YOUR TASK | The answer is to be an exact copy of the lines below running from the line with "have near_kappa : \near" down to the line with "move=> Is; have", both ends included, and nothing more.

[Opening RECORDED INFORMATION section]

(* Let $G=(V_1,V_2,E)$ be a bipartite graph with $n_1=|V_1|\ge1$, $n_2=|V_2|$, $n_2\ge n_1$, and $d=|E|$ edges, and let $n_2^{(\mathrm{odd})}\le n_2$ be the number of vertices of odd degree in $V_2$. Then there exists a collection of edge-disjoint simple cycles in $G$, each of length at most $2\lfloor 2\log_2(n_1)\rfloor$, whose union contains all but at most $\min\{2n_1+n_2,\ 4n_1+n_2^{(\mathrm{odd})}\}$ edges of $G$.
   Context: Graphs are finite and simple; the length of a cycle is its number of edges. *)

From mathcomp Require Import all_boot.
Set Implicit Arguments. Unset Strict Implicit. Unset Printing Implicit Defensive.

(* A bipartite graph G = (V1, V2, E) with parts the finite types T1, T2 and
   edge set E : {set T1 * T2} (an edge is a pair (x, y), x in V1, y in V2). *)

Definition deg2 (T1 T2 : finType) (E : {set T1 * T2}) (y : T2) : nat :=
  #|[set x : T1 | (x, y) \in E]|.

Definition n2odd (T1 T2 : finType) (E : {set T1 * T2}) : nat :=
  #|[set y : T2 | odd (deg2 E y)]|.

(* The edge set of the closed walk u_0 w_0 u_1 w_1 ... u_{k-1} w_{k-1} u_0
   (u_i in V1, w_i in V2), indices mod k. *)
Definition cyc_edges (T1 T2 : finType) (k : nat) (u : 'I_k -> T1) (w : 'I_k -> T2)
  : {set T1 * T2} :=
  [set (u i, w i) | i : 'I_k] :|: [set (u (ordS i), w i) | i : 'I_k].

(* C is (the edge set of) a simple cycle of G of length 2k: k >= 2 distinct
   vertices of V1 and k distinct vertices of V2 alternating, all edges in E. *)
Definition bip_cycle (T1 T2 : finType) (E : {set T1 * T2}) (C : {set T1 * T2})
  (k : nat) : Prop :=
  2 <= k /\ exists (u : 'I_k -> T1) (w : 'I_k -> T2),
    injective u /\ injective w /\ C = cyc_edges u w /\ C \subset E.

[Closing RECORDED INFORMATION section]
[Opening RECORDED INFORMATION section]

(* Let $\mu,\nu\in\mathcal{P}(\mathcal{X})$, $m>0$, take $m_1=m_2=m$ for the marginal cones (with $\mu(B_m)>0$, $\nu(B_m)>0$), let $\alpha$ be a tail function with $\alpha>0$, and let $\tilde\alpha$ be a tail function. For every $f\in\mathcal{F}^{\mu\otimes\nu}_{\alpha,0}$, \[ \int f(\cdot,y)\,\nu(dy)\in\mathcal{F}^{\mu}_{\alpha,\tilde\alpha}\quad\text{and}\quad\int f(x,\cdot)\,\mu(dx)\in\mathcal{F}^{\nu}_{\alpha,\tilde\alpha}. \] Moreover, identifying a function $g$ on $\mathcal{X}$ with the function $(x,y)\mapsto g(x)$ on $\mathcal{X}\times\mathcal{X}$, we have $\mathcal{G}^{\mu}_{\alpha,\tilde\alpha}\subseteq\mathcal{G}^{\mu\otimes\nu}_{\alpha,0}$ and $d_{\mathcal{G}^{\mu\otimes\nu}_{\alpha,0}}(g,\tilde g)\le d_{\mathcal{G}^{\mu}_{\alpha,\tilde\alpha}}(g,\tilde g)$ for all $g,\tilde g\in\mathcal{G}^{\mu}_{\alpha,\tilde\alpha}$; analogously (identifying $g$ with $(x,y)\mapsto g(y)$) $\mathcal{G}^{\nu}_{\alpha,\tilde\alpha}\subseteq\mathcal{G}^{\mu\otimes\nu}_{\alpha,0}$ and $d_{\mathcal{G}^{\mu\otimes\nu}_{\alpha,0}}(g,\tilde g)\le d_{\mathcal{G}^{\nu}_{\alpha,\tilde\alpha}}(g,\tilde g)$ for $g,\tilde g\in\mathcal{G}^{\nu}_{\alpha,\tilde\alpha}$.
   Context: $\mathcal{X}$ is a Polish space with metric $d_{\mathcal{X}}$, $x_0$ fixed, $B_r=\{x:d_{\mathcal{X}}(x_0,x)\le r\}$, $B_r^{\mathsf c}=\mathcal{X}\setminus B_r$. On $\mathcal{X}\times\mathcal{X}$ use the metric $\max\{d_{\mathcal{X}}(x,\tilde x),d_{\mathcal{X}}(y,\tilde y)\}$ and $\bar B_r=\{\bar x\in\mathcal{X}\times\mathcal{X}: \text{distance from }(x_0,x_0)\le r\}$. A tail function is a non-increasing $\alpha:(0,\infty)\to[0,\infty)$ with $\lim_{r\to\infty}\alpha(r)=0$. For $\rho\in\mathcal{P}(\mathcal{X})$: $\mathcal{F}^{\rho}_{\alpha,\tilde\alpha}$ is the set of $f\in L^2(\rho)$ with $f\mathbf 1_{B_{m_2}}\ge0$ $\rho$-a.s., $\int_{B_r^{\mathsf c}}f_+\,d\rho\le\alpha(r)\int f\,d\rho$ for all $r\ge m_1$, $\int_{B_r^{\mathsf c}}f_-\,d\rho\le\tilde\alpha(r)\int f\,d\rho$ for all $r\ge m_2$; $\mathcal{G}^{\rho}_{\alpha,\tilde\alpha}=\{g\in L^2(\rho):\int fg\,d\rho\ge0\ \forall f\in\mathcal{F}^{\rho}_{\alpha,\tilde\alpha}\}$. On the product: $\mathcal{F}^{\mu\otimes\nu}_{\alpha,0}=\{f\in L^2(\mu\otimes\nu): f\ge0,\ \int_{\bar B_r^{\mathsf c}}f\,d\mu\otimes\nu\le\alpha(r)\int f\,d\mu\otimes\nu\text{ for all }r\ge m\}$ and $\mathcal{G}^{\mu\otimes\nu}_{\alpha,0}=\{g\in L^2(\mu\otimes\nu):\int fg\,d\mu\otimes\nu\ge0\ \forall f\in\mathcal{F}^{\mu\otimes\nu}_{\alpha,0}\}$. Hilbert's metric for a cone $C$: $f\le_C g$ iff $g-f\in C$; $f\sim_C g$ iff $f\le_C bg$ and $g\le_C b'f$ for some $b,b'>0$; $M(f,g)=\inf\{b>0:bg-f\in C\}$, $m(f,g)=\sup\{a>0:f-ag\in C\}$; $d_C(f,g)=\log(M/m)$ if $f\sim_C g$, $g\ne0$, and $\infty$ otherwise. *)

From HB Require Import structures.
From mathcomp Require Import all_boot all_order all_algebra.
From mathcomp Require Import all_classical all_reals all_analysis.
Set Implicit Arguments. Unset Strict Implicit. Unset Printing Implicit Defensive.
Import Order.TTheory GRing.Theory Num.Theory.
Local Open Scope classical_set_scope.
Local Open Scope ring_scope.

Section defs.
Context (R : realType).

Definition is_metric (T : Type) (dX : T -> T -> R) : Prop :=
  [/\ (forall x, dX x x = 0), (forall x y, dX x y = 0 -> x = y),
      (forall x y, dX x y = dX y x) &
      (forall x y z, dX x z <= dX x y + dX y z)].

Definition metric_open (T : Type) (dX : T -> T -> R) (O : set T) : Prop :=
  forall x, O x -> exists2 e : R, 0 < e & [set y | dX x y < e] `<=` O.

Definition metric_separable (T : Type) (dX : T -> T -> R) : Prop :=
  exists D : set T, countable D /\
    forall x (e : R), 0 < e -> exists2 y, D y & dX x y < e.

[Closing RECORDED INFORMATION section]
[Opening RECORDED INFORMATION section]

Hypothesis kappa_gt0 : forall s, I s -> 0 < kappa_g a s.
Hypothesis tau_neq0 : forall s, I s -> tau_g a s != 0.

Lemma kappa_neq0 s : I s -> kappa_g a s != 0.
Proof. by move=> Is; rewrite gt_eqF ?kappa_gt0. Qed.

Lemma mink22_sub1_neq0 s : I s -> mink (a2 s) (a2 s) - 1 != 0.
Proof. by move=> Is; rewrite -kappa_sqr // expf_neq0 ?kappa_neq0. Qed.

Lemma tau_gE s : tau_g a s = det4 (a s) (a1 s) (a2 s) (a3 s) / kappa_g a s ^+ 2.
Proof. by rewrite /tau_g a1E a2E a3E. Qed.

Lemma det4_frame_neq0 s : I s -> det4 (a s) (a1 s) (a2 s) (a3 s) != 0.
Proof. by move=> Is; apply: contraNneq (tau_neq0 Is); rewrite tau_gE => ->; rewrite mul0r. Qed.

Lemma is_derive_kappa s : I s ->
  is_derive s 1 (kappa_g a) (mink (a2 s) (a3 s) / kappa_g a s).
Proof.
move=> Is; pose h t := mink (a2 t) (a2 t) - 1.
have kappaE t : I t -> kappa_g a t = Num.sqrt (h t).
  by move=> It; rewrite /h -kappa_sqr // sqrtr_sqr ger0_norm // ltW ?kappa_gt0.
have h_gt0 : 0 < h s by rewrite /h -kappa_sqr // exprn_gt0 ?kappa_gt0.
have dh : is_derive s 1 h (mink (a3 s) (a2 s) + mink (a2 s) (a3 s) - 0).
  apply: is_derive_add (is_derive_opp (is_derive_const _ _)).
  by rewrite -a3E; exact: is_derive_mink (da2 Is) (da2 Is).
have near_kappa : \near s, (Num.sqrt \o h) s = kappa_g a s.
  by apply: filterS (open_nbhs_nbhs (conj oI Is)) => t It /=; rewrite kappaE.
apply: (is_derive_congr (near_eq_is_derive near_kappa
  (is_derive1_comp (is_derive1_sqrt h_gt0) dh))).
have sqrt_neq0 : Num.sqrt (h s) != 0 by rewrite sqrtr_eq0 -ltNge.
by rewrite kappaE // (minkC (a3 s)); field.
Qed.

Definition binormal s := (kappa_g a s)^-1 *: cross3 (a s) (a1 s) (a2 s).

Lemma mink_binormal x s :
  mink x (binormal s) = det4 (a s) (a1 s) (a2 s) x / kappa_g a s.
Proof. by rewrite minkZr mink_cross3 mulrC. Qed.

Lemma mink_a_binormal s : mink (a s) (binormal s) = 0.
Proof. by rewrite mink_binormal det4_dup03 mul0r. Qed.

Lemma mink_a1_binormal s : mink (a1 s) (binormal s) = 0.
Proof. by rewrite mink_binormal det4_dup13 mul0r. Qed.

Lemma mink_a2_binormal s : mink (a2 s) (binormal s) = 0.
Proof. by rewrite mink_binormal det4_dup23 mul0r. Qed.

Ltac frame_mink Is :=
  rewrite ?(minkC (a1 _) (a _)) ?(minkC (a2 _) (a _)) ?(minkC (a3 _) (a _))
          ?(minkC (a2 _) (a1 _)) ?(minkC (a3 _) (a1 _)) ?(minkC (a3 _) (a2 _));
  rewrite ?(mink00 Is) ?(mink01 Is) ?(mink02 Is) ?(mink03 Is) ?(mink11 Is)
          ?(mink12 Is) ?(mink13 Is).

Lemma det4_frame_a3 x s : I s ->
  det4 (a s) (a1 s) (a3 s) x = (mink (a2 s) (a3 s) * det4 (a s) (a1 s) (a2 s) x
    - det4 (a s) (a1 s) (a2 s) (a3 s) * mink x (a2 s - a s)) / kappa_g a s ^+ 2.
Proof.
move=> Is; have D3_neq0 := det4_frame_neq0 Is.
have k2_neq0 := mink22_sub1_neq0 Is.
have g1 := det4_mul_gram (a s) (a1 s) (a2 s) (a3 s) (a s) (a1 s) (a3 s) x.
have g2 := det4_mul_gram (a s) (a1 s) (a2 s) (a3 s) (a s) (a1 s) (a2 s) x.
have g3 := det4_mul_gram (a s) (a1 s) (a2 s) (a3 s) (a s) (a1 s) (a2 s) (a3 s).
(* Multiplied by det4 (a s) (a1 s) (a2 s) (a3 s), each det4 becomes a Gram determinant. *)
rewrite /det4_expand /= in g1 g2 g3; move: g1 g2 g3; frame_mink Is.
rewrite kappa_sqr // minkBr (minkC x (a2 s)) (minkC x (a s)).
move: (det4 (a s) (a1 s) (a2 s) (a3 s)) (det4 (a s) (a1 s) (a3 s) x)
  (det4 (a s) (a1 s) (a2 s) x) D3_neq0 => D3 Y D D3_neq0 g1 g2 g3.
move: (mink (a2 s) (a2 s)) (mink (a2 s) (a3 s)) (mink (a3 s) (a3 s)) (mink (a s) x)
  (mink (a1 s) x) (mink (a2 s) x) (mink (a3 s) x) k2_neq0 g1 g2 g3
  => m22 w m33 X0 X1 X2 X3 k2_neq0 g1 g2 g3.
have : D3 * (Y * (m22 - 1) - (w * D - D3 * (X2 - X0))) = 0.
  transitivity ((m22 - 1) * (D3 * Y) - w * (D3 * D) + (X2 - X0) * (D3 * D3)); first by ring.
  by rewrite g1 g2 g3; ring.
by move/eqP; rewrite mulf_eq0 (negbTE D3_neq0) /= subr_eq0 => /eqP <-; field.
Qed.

[Closing RECORDED INFORMATION section]

ANSWER TO THIS TASK |
have near_kappa : \near s, (Num.sqrt \o h) s = kappa_g a s.
  by apply: filterS (open_nbhs_nbhs (conj oI Is)) => t It /=; rewrite kappaE.
apply: (is_derive_congr (near_eq_is_derive near_kappa
  (is_derive1_comp (is_derive1_sqrt h_gt0) dh))).
have sqrt_neq0 : Num.sqrt (h s) != 0 by rewrite sqrtr_eq0 -ltNge.
by rewrite kappaE // (minkC (a3 s)); field.
Qed.

Definition binormal s := (kappa_g a s)^-1 *: cross3 (a s) (a1 s) (a2 s).

Lemma mink_binormal x s :
  mink x (binormal s) = det4 (a s) (a1 s) (a2 s) x / kappa_g a s.
Proof. by rewrite minkZr mink_cross3 mulrC. Qed.

Lemma mink_a_binormal s : mink (a s) (binormal s) = 0.
Proof. by rewrite mink_binormal det4_dup03 mul0r. Qed.

Lemma mink_a1_binormal s : mink (a1 s) (binormal s) = 0.
Proof. by rewrite mink_binormal det4_dup13 mul0r. Qed.

Lemma mink_a2_binormal s : mink (a2 s) (binormal s) = 0.
Proof. by rewrite mink_binormal det4_dup23 mul0r. Qed.

Ltac frame_mink Is :=
  rewrite ?(minkC (a1 _) (a _)) ?(minkC (a2 _) (a _)) ?(minkC (a3 _) (a _))
          ?(minkC (a2 _) (a1 _)) ?(minkC (a3 _) (a1 _)) ?(minkC (a3 _) (a2 _));
  rewrite ?(mink00 Is) ?(mink01 Is) ?(mink02 Is) ?(mink03 Is) ?(mink11 Is)
          ?(mink12 Is) ?(mink13 Is).

Lemma det4_frame_a3 x s : I s ->
  det4 (a s) (a1 s) (a3 s) x = (mink (a2 s) (a3 s) * det4 (a s) (a1 s) (a2 s) x
    - det4 (a s) (a1 s) (a2 s) (a3 s) * mink x (a2 s - a s)) / kappa_g a s ^+ 2.
Proof.
move=> Is; have D3_neq0 := det4_frame_neq0 Is.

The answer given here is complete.